On a serious note, though, at this point, I am hardly able to figure out what will cause the end of the human population. Is it the water? Is it the air? Or is it solar flames? Or just an outer space object? We have wreaked havoc on Earth already and are continuing to do so without realizing that we are going to be the fruit-bearers for the same. It is no surprise that global warming is real, animals are getting extinct, water levels are rising, temperatures are increasing and the air is becoming heavily polluted. It is going to be a drastic tragedy when the actual apocalypse takes place. We will regret, sulk and cry. The revenge shall be taken. It's only sane if we starting paying up now before it's too late.


----------



## Ralph Rotten (Jul 20, 2019)

" and one day, people will be okay walking around the block in their underwears and it'll be okay."

They're already wearing Yoga pants.
Whoever invented those things should get a Nobel Prize.


----------



## Winston (Jul 20, 2019)

Ralph Rotten said:


> " and one day, people will be okay walking around the block in their underwears and it'll be okay."
> 
> They're already wearing Yoga pants.
> Whoever invented those things should get a Nobel Prize.



Yes, but with great power, comes great responsibility.



> On a serious note, though, at this point, I am hardly able to figure out what will cause the end of the human population. Is it the water? Is it the air? Or is it solar flames? Or just an outer space object? We have wreaked havoc on Earth already and are continuing to do so without realizing that we are going to be the fruit-bearers for the same. It is no surprise that global warming is real, animals are getting extinct, water levels are rising, temperatures are increasing and the air is becoming heavily polluted. It is going to be a drastic tragedy when the actual apocalypse takes place. We will regret, sulk and cry. The revenge shall be taken. It's only sane if we starting paying up now before it's too late.

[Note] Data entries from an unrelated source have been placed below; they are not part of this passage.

(* Let $\mathcal F=(F,\rightarrowtail)$ be a finite argumentation framework. If $A\subseteq F$ is weakly admissible, then $A$ is contained in some weakly complete extension of $\mathcal F$.
   Context: An argumentation framework $\mathcal F=(F,\rightarrowtail)$ consists of a finite set $F$ of arguments and an attack relation $\rightarrowtail\subseteq F\times F$. An argument $y$ attacks a set $A$ if $y\rightarrowtail a$ for some $a\in A$; $A^+=\{x\in F:\exists a\in A,\ a\rightarrowtail x\}$. A set is conflict-free if none of its elements attacks one of its elements. For $A\subseteq F$, the $A$-reduct $\mathcal F^A$ is the restriction of $\mathcal F$ to $F\setminus(A\cup A^+)$. Weak admissibility (defined recursively on the size of the framework): $A\subseteq F$ is weakly admissible in $\mathcal F$ if $A$ is conflict-free and for every $y\in F$ attacking $A$, $y$ belongs to no weakly admissible set of $\mathcal F^A$. A weakly complete labeling is a map $L:F\to\{\mathtt{in},\mathtt{out},\mathtt{undec}\}$ such that for every $a\in F$: if $L(a)=\mathtt{in}$ then no attacker of $a$ is labeled $\mathtt{in}$; if $L(a)=\mathtt{out}$ then some attacker of $a$ is labeled $\mathtt{in}$; if $L(a)=\mathtt{undec}$ then some attacker of $a$ is labeled $\mathtt{undec}$ and no attacker of $a$ is labeled $\mathtt{in}$. A set is a weakly complete extension if it equals $\{a:L(a)=\mathtt{in}\}$ for some weakly complete labeling $L$. *)

(* An argumentation framework is represented by a finite type
   T, a finite set of arguments F : {set T} and an attack relation att : rel T;
   the framework is (F, att restricted to F). *)
From mathcomp Require Import all_boot.
Set Implicit Arguments.
Unset Strict Implicit.
Unset Printing Implicit Defensive.

Section AF.
Variable T : finType.
Variable att : rel T.

Definition conflict_free (A : {set T}) : bool :=
  [forall a in A, forall b in A, ~~ att a b].

Definition attacks_set (y : T) (A : {set T}) : bool := [exists a in A, att y a].

Definition att_plus (F A : {set T}) : {set T} :=
  [set x in F | [exists a in A, att a x]].

Definition reduct (F A : {set T}) : {set T} := F :\: (A :|: att_plus F A).

(* Weak admissibility, by recursion on a fuel bounding the size of the
   framework (each recursive call is on a reduct by a nonempty set, hence on
   a strictly smaller framework, so fuel #|F| suffices). *)
Fixpoint wadm_fuel (n : nat) (F A : {set T}) : bool :=
  match n with
  | 0 => (A \subset F) && conflict_free A
  | n'.+1 =>
      [&& A \subset F, conflict_free A &
        [forall y in F, attacks_set y A ==>
           ~~ [exists B : {set T}, wadm_fuel n' (reduct F A) B && (y \in B)]]]
  end.

Definition weakly_admissible (F A : {set T}) : bool := wadm_fuel #|F| F A.

Inductive label := lab_in | lab_out | lab_undec.

Definition weakly_complete_labeling (F : {set T}) (L : T -> label) : Prop :=
  forall a, a \in F ->
    (L a = lab_in -> forall b, b \in F -> att b a -> L b <> lab_in) /\
    (L a = lab_out -> exists2 b, b \in F & att b a /\ L b = lab_in) /\
    (L a = lab_undec ->
       (exists2 b, b \in F & att b a /\ L b = lab_undec) /\
       (forall b, b \in F -> att b a -> L b <> lab_in)).

Definition is_in (l : label) : bool := if l is lab_in then true else false.

Definition weakly_complete_extension (F E : {set T}) : Prop :=
  exists L, weakly_complete_labeling F L /\ E = [set a in F | is_in (L a)].
End AF.

(* If A is weakly admissible,
   so is A together with any weakly admissible set of the reduct F^A; hence a
   weakly complete labeling of F^A whose in-set is weakly admissible extends,
   by labeling A in and the attacked arguments out, to such a labeling of F.
   For A empty, either some nonempty weakly admissible set exists (and we use
   it instead), or every argument of F has an attacker in F, and labeling
   everything undec is weakly complete. *)
From mathcomp Require Import all_boot.
Set Implicit Arguments.
Unset Strict Implicit.
Unset Printing Implicit Defensive.

Section WeakAdmissibility.
Variable T : finType.
Variable att : rel T.
Local Notation wadm := (weakly_admissible att).
Local Notation reduct := (reduct att).

Lemma attacks_setP y (A : {set T}) :
  reflect (exists2 a, a \in A & att y a) (attacks_set att y A).
Proof. by apply: (iffP existsP) => [[a /andP[]]|[a ? ?]]; exists a => //; apply/andP. Qed.

Lemma attacks_set_mem y a (A : {set T}) : a \in A -> att y a -> attacks_set att y A.
Proof. by move=> aA ya; apply/attacks_setP; exists a. Qed.

Lemma attacks_set0 y : attacks_set att y set0 = false.
Proof. by apply/attacks_setP => -[a]; rewrite inE. Qed.

Lemma conflict_freeP (A : {set T}) :
  reflect {in A &, forall a b, ~~ att a b} (conflict_free att A).
Proof.
apply: (iffP forallP) => [cfA a b aA bA|cfA a].
  by move: (cfA a); rewrite aA => /forallP/(_ b); rewrite bA.
by apply/implyP => aA; apply/forallP => b; apply/implyP; apply: cfA.
Qed.

Lemma reductP (F A : {set T}) x :
  reflect [/\ x \in F, x \notin A & forall a, a \in A -> ~~ att a x]
          (x \in reduct F A).
Proof.
rewrite !inE; apply: (iffP idP).
  case/andP=> /norP[xA /nandP xAplus] xF; split=> // a aA; apply/negP=> ax.
  by case: xAplus; [rewrite xF | move/existsPn/(_ a); rewrite aA ax].
case=> xF xA xfree; rewrite xF (negbTE xA) andbT; apply/existsPn => a.
by apply/negP=> /andP[aA ax]; move: (xfree a aA); rewrite ax.
Qed.

Lemma reduct_sub (F A : {set T}) : reduct F A \subset F.
Proof. by apply/subsetP=> x /reductP[]. Qed.

Lemma card_reduct_lt (F A : {set T}) :
  A \subset F -> A != set0 -> #|reduct F A| < #|F|.
Proof.
move=> AF /set0Pn[a aA]; apply: proper_card; apply/properP; split; first exact: reduct_sub.
by exists a; [apply: (subsetP AF) | apply/negP => /reductP[_]; rewrite aA].
Qed.

Lemma reductU (F A B : {set T}) : reduct F (A :|: B) = reduct (reduct F A) B.
Proof.
apply/setP=> x; apply/reductP/reductP.
  case=> xF; rewrite in_setU negb_or => /andP[xA xB] xfree.
  split=> // [|b bB]; last by apply: xfree; rewrite inE bB orbT.
  by apply/reductP; split=> // a aA; apply: xfree; rewrite inE aA.
case=> /reductP[xF xA xfreeA] xB xfreeB; split=> //; first by rewrite inE negb_or xA.
by move=> a; rewrite inE => /orP[]; [apply: xfreeA | apply: xfreeB].
Qed.

Lemma wadm_fuelSE n (F A : {set T}) :
  wadm_fuel att n.+1 F A =
  [&& A \subset F, conflict_free att A &
    [forall y in F, attacks_set att y A ==>
       ~~ [exists B : {set T}, wadm_fuel att n (reduct F A) B && (y \in B)]]].
Proof. by []. Qed.

Lemma wadm_fuelS n (F A : {set T}) :
  #|F| <= n -> wadm_fuel att n.+1 F A = wadm_fuel att n F A.
Proof.
elim: n F A => [|n IH] F A.
  rewrite leqn0 cards_eq0 => /eqP ->; rewrite wadm_fuelSE /=.
  by case: (_ \subset _) (conflict_free _ _) => [] [] //=; apply/forallP=> y; rewrite inE.
move=> leFn; rewrite wadm_fuelSE [RHS]wadm_fuelSE.
case AF: (A \subset F) => //; congr (_ && (_ && _)); apply: eq_forallb_in => y _.
have [-> | A0] := eqVneq A set0; first by rewrite attacks_set0.
have ltRn : #|reduct F A| <= n by rewrite -ltnS (leq_trans (card_reduct_lt AF A0)).
by congr (_ ==> ~~ _); apply: eq_existsb => B; rewrite IH.
Qed.

Lemma wadm_fuel_ge n (F A : {set T}) :
  #|F| <= n -> wadm_fuel att n F A = wadm F A.
Proof.
elim: n => [|n IH]; first by rewrite leqn0 => /eqP <-.
by rewrite leq_eqVlt => /orP[/eqP <- // | leFn]; rewrite wadm_fuelS // IH.
Qed.

Lemma wadmP (F A : {set T}) :
  reflect [/\ A \subset F, conflict_free att A &
             forall y B, y \in F -> attacks_set att y A ->
               wadm (reduct F A) B -> y \notin B]
          (wadm F A).
Proof.
rewrite -(wadm_fuel_ge A (leqnSn #|F|)) wadm_fuelSE.
apply: (iffP and3P) => -[AF cfA attackers]; split=> //.
  move=> y B yF yA wB; move/forallP/(_ y): attackers; rewrite yF yA /=.
  by move/existsPn/(_ B); rewrite wadm_fuel_ge ?wB // (subset_leq_card (reduct_sub F A)).
apply/forall_inP => y yF; apply/implyP => yA; apply/existsPn => B.
rewrite wadm_fuel_ge ?(subset_leq_card (reduct_sub F A)) //.
by apply/negP => /andP[wB yB]; move: (attackers y B yF yA wB); rewrite yB.
Qed.

Lemma wadm_sub (F A : {set T}) : wadm F A -> A \subset F.
Proof. by case/wadmP. Qed.

Lemma wadm0 (F : {set T}) : wadm F set0.
Proof.
apply/wadmP; split=> [||y B _]; rewrite ?sub0set ?attacks_set0 //.
by apply/conflict_freeP => a b; rewrite inE.
Qed.

Lemma wadm1 (F : {set T}) x :
  x \in F -> (forall y, y \in F -> ~~ att y x) -> wadm F [set x].
Proof.
move=> xF unattacked; apply/wadmP; split=> [||y B yF].
- by rewrite sub1set.
- by apply/conflict_freeP => a b; rewrite !inE => /eqP -> /eqP ->; apply: unattacked.
- by case/attacks_setP => z; rewrite inE => /eqP ->; rewrite (negbTE (unattacked y yF)).
Qed.

(* If y attacks A, a weakly admissible set of F^A containing y would refute
   A; for y attacking B we argue in F^A, whose size is smaller as soon as A
   is nonempty. *)
Lemma wadmU (F A B : {set T}) :
  wadm F A -> wadm (reduct F A) B -> wadm F (A :|: B).
Proof.
have [n] := ubnP #|F|; elim: n F A B => // n IH F A B /ltnSE leFn wA wB.
case/wadmP: (wA) => AF cfA attA; case/wadmP: (wB) => BR cfB attB.
have BF : B \subset F := subset_trans BR (reduct_sub F A).
apply/wadmP; split.
- by rewrite subUset AF BF.
- apply/conflict_freeP => a b; rewrite !inE => /orP[aA|aB] /orP[bA|bB].
  + exact: (conflict_freeP _ cfA).
  + by case/reductP: (subsetP BR b bB) => _ _; apply.
  + by apply/negP=> ab; case/negP: (attA a B (subsetP BF a aB) (attacks_set_mem bA ab) wB).
  + exact: (conflict_freeP _ cfB).
move=> y C yF /attacks_setP[x]; rewrite inE reductU => /orP[xA | xB] yx wC.
  have A0 : A != set0 by apply/set0Pn; exists x.
  have ltRn : #|reduct F A| < n by apply: leq_trans (card_reduct_lt AF A0) leFn.
  apply: contra (attA y _ yF (attacks_set_mem xA yx) (IH _ _ _ ltRn wB wC)).
  by rewrite inE => ->; rewrite orbT.
apply/negP => yC; have /reductP[yR _ _] := subsetP (wadm_sub wC) y yC.
by case/negP: (attB y C yR (attacks_set_mem xB yx) wC).
Qed.

Lemma notin_reduct_attacked (F A : {set T}) x :
  x \in F -> x \notin A -> x \notin reduct F A -> exists2 a, a \in A & att a x.
Proof.
move=> xF xA xR; apply/exists_inP; apply: contraNT xR => /exists_inPn unattacked.
by apply/reductP; split.
Qed.

End WeakAdmissibility.

Section Labelings.
Variable T : finType.
Variable att : rel T.
Local Notation wadm := (weakly_admissible att).
Local Notation reduct := (reduct att).
Local Notation wcl := (weakly_complete_labeling att).

Definition in_args (F : {set T}) (L : T -> label) : {set T} :=
  [set a in F | is_in (L a)].

Lemma in_argsE (F : {set T}) L x : (x \in in_args F L) = (x \in F) && is_in (L x).
Proof. by rewrite inE. Qed.

Definition wadm_wcl_above (F A : {set T}) : Prop :=
  exists L, [/\ wcl F L, A \subset in_args F L & wadm F (in_args F L)].

Section Glue.
Variables (F A : {set T}) (L' : T -> label).
Hypothesis wA : wadm F A.
Hypothesis wclL' : wcl (reduct F A) L'.
Hypothesis wadm_inL' : wadm (reduct F A) (in_args (reduct F A) L').

Definition glue_labeling x : label :=
  if x \in A then lab_in else if x \in reduct F A then L' x else lab_out.
Local Notation L := glue_labeling.

Lemma glue_reduct x : x \in reduct F A -> L x = L' x.
Proof. by rewrite /L => xR; case/reductP: (xR) => _ /negbTE -> _; rewrite xR. Qed.

Lemma in_args_glue : in_args F L = A :|: in_args (reduct F A) L'.
Proof.
apply/setP => x; rewrite in_setU !in_argsE /L.
case: ifP => [xA | _]; first by rewrite (subsetP (wadm_sub wA)).
case: ifP => [xR | _]; last by rewrite andbF.
by case/reductP: (xR) => ->.
Qed.

Lemma glue_no_in_attacker a b :
  a \in F -> b \in F -> att b a -> L a <> lab_out -> L b <> lab_in.
Proof.
case/wadmP: wA => _ /conflict_freeP cfA attA aF bF ba La Lb.
have [aA | aNA] := boolP (a \in A).
  have [bA | bNA] := boolP (b \in A); first by case/negP: (cfA _ _ bA aA).
  have bR : b \in reduct F A by move: Lb; rewrite /L (negbTE bNA); case: ifP.
  case/negP: (attA b _ bF (attacks_set_mem aA ba) wadm_inL').
  by rewrite inE bR -(glue_reduct bR) Lb.
have aR : a \in reduct F A by move: La; rewrite /L (negbTE aNA); case: ifP.
have [bA | bNA] := boolP (b \in A); first by case/reductP: aR => _ _ /(_ b bA); rewrite ba.
have bR : b \in reduct F A by move: Lb; rewrite /L (negbTE bNA); case: ifP.
have [inL' [_ undecL']] := wclL' aR; rewrite (glue_reduct aR) in La.
rewrite (glue_reduct bR) in Lb.
case La': (L' a) La => // _; first exact: inL' La' b bR ba Lb.
by case: (undecL' La') => _ /(_ b bR ba).
Qed.

Lemma glue_wcl : wcl F L.
Proof.
have sRF := subsetP (reduct_sub att F A).
move=> a aF; have noin := glue_no_in_attacker aF.
split; first by move=> La b bF ba; apply: noin => //; rewrite La.
split=> La.
  have [aA | aNA] := boolP (a \in A); first by move: La; rewrite /L aA.
  have [aR | aNR] := boolP (a \in reduct F A).
    rewrite glue_reduct // in La; have [b bR [ba Lb]] := (wclL' aR).2.1 La.
    by exists b; rewrite ?sRF ?glue_reduct.
  have [b bA ba] := notin_reduct_attacked aF aNA aNR.
  by exists b; rewrite ?(subsetP (wadm_sub wA)) // /L bA.
have aR : a \in reduct F A by move: La; rewrite /L; case: ifP => // _; case: ifP.
rewrite glue_reduct // in La; have [[b bR [ba Lb]] _] := (wclL' aR).2.2 La.
split; first by exists b; rewrite ?sRF ?glue_reduct.
by move=> b' bF ba'; apply: noin => //; rewrite glue_reduct // La.
Qed.
End Glue.

Lemma wadm_wcl_above_reduct (F A : {set T}) :
  wadm F A -> wadm_wcl_above (reduct F A) set0 -> wadm_wcl_above F A.
Proof.
move=> wA [L' [wclL' _ wadm_inL']]; exists (glue_labeling F A L').
rewrite in_args_glue //; split; [exact: glue_wcl | exact: subsetUl | exact: wadmU].
Qed.

(* Without nonempty weakly admissible sets no argument is unattacked, since a
   singleton of an unattacked argument is weakly admissible. *)
Lemma wadm_wcl_above_undec (F : {set T}) :
  (forall B, wadm F B -> B = set0) -> wadm_wcl_above F set0.
Proof.
move=> only_empty; exists (fun=> lab_undec).
have -> : in_args F (fun=> lab_undec) = set0 by apply/setP => x; rewrite in_argsE andbF inE.
split=> [a aF||]; rewrite ?sub0set ?wadm0 //; split=> //; split=> // _; split=> //.
have [b /andP[bF ba] | unattacked] := pickP (fun b => (b \in F) && att b a); first by exists b.
have /only_empty/setP/(_ a) : wadm F [set a].
  by apply: wadm1 => // b bF; move: (unattacked b); rewrite bF /= => ->.
by rewrite !inE eqxx.
Qed.

Lemma wadm_extends_to_wcl (F A : {set T}) : wadm F A -> wadm_wcl_above F A.
Proof.
have [n] := ubnP #|F|; elim: n F A => // n IH F A /ltnSE leFn.
have nonempty B : wadm F B -> B != set0 -> wadm_wcl_above F B.
  move=> wB B0; apply: wadm_wcl_above_reduct => //; apply: IH (wadm0 _ _).
  exact: leq_trans (card_reduct_lt att (wadm_sub wB) B0) leFn.
move=> wA; have [-> | ] := eqVneq A set0; last exact: nonempty.
have [B /andP[wB B0] | only_empty] := pickP (fun B => wadm F B && (B != set0)).
  by have [L [wclL _ winL]] := nonempty B wB B0; exists L; rewrite sub0set.
by apply: wadm_wcl_above_undec => B wB; apply/eqP; move: (only_empty B); rewrite wB => /negbFE.
Qed.
End Labelings.

Theorem mainTheorem16 (T : finType) (att : rel T) (F A : {set T}) :
  weakly_admissible att F A ->
  exists E : {set T}, weakly_complete_extension att F E /\ A \subset E.
Proof.
move=> /wadm_extends_to_wcl[L [wclL AL _]].
by exists (in_args F L); split => //; exists L.
Qed.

The scenario is this:  People have gotten use to going shopping in their pajamas.  This trend is increasing.  Soon, an extinction level event will occur, and society will be paralyzed.  
Our pajama-clad society will be in a state of anarchy, feeling the need to all brush their teeth and comb their hair at the same time (no one wants to face their doom seeming unkempt).  No one will be available to actually deal with the crisis.
The lines for the bathrooms will stretch for miles.  The hot water will be gone.  The horror.


----------



## Ralph Rotten (Jul 20, 2019)

I dunno Winston, I started wearing leather slippers outside of the house...it caught on, and now I see people do it all the time. 
How am I supposed to keep up my miscreant appearance if everyone else is doing it too?
Danged kids these days!


----------



## Bard_Daniel (Jul 20, 2019)

Hi there notsocordial!

I was interested by your style here, and I like your thoughts, but I feel they need to be expanded, refined, and researched further before you part with such broad generalizations such as "the end of society" and so forth. Nevertheless, I think you have a great, snarky little bit here and that- if you furthered it, the piece could be extremely palatable for your desired audience.

Thanks for the read!


----------



## notsocordial (Jul 21, 2019)

Bard_Daniel said:


> Hi there notsocordial!
> 
> I was interested by your style here, and I like your thoughts, but I feel they need to be expanded, refined, and researched further before you part with such broad generalizations such as "the end of society" and so forth. Nevertheless, I think you have a great, snarky little bit here and that- if you furthered it, the piece could be extremely palatable for your desired audience.
> 
> Thanks for the read!



Yes, I agree. Maybe if I put a little more thought into this, it might get better


----------



## notsocordial (Jul 21, 2019)

Bard_Daniel said:


> Hi there notsocordial!
> 
> I was interested by your style here, and I like your thoughts, but I feel they need to be expanded, refined, and researched further before you part with such broad generalizations such as "the end of society" and so forth. Nevertheless, I think you have a great, snarky little bit here and that- if you furthered it, the piece could be extremely palatable for your desired audience.
> 
> Thanks for the read!


I just wanted to lighten the mood before getting into the urgency of the situation. Just a funny bit here.


----------



## Amnesiac (Jul 22, 2019)

Ralph Rotten said:


> They're already wearing Yoga pants.
> Whoever invented those things should get a Nobel Prize.



Indeed... Indeed...


----------



## Amnesiac (Jul 23, 2019)

I think yoga pants are the backlash (no pun intended) against the figure-destroying low-rise jeans that make women's bums look... weird; kinda' square and saggy.


----------